Warning Signs That Need Immediate Attention
Most causes of dizziness and headache are not dangerous, but the combination can occasionally signal a stroke or a tear in one of the arteries supplying the brain (vertebral artery dissection). The key is whether additional neurological symptoms are present. Facial or limb weakness on one side, slurred speech, double vision, visual field loss, or numbness on one side of the body alongside dizziness and headache should be treated as a potential stroke until proven otherwise.

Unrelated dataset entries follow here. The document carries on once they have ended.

(* Let $D$ and $m$ be positive integers, $G$ a connected graph of maximum degree at most $D$, and $S_1,\dots,S_m$ pairwise disjoint subsets of $V(G)$, each of size at least $2+(D-1)(m-1)$. Then there exist pairwise vertex-disjoint paths $P_1,\dots,P_m$ in $G$ such that for each $1\le i\le m$, $P_i$ has two distinct endpoints, both belonging to $S_i$. *)

From mathcomp Require Import all_boot.
Set Implicit Arguments. Unset Strict Implicit. Unset Printing Implicit Defensive.

Definition simple_graph (T : finType) (e : rel T) : Prop :=
  symmetric e /\ irreflexive e.

Definition graph_connected (T : finType) (e : rel T) : Prop :=
  forall x y : T, connect e x y.

Definition max_degree_le (T : finType) (e : rel T) (D : nat) : Prop :=
  forall x : T, #|[set y | e x y]| <= D.

Definition gpath (T : finType) (e : rel T) (p : seq T) : bool :=
  if p is x :: q then path e x q && uniq p else false.

Definition ends_in (T : finType) (p : seq T) (S : {set T}) : Prop :=
  exists x q, p = x :: q /\ x \in S /\ last x q \in S /\ x != last x q.

From mathcomp Require Import all_boot.
(* Let $G_N=(V,E)$ be a connected, undirected, edge-weighted graph on $N$ nodes and let $v\in V$ be the initial mutant node. Then one of the following holds: (1) $\rho^{\mathrm{Bd}}_{r=1}(G_N,v)<\rho^{\mathrm{Bd}}_{r=1}(K_N)$; (2) $\rho^{\mathrm{dB}}_{r=1}(G_N,v)<\rho^{\mathrm{dB}}_{r=1}(K_N)$; (3) $\rho^{\mathrm{Bd}}_{r=1}(G_N,v)=\rho^{\mathrm{Bd}}_{r=1}(K_N)$ and $\rho^{\mathrm{dB}}_{r=1}(G_N,v)=\rho^{\mathrm{dB}}_{r=1}(K_N)$.
   Context: Each edge $\{u,v\}$ has a positive weight $w(u,v)$ and $\deg(u)=\sum_{v} w(u,v)$. Each node is occupied by a resident (fitness 1) or a mutant (fitness $r\ge 1$); $f(u)$ is the fitness at $u$ and $F=\sum_u f(u)$. Moran Birth-death (Bd) process: each step a node $u$ is chosen with probability $f(u)/F$ and its offspring replaces a neighbor $v$ chosen with probability $w(u,v)/\deg(u)$. Moran death-Birth (dB) process: each step a uniformly random node $v$ dies and is replaced by the offspring of a neighbor $u$ chosen with probability $f(u)w(u,v)/\sum_{u'}f(u')w(u',v)$. $\rho^{\mathrm{Bd}}_r(G_N,v)$ (resp. $\rho^{\mathrm{dB}}_r(G_N,v)$) is the probability that mutants eventually occupy all nodes when initially only $v$ is a mutant. $K_N$ is the unweighted complete graph on $N$ nodes, and $\rho_r(K_N)$ denotes the fixation probability of a single mutant on $K_N$ (independent of the starting node). *)

From HB Require Import structures.
From mathcomp Require Import all_boot all_order all_algebra.
From mathcomp Require Import all_classical all_reals all_analysis.
Set Implicit Arguments. Unset Strict Implicit. Unset Printing Implicit Defensive.
Import Order.TTheory GRing.Theory Num.Theory numFieldNormedType.Exports.
Local Open Scope ring_scope.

The onset pattern matters too. Neurological symptoms that appear abruptly, reaching full intensity within seconds or minutes, are more concerning than symptoms that build gradually over hours. Another red flag is being unable to walk steadily and independently during an episode of acute dizziness, which correlates strongly with a central (brain-based) cause rather than an inner ear problem. If you experience sudden, severe dizziness with a new headache and any of these additional features, that warrants emergency evaluation rather than a wait-and-see approach.
How to Narrow Down Your Cause
Paying attention to patterns gives you and your doctor the most useful information. Track when your symptoms occur (morning vs. evening, after standing vs. at rest), how long episodes last, and what other symptoms accompany them. A few questions to consider:
- Do symptoms start when you stand up? Points toward orthostatic hypotension or POTS.
- Do you have a history of migraine? Vestibular migraine becomes the leading suspect, even if your migraines have changed character over the years.
- Does neck movement trigger or worsen symptoms? Suggests cervical vertigo.
- Are symptoms relieved by eating or drinking? Low blood sugar or dehydration.
- Is the dizziness true spinning, or more of a floating sensation? Spinning (vertigo) points toward inner ear or migraine causes, while floating or unsteadiness is more typical of blood pressure issues, anxiety, or neck problems.
Keeping a simple log of episodes for one to two weeks, noting the timing, triggers, duration, and associated symptoms, makes the diagnostic process significantly faster and more accurate.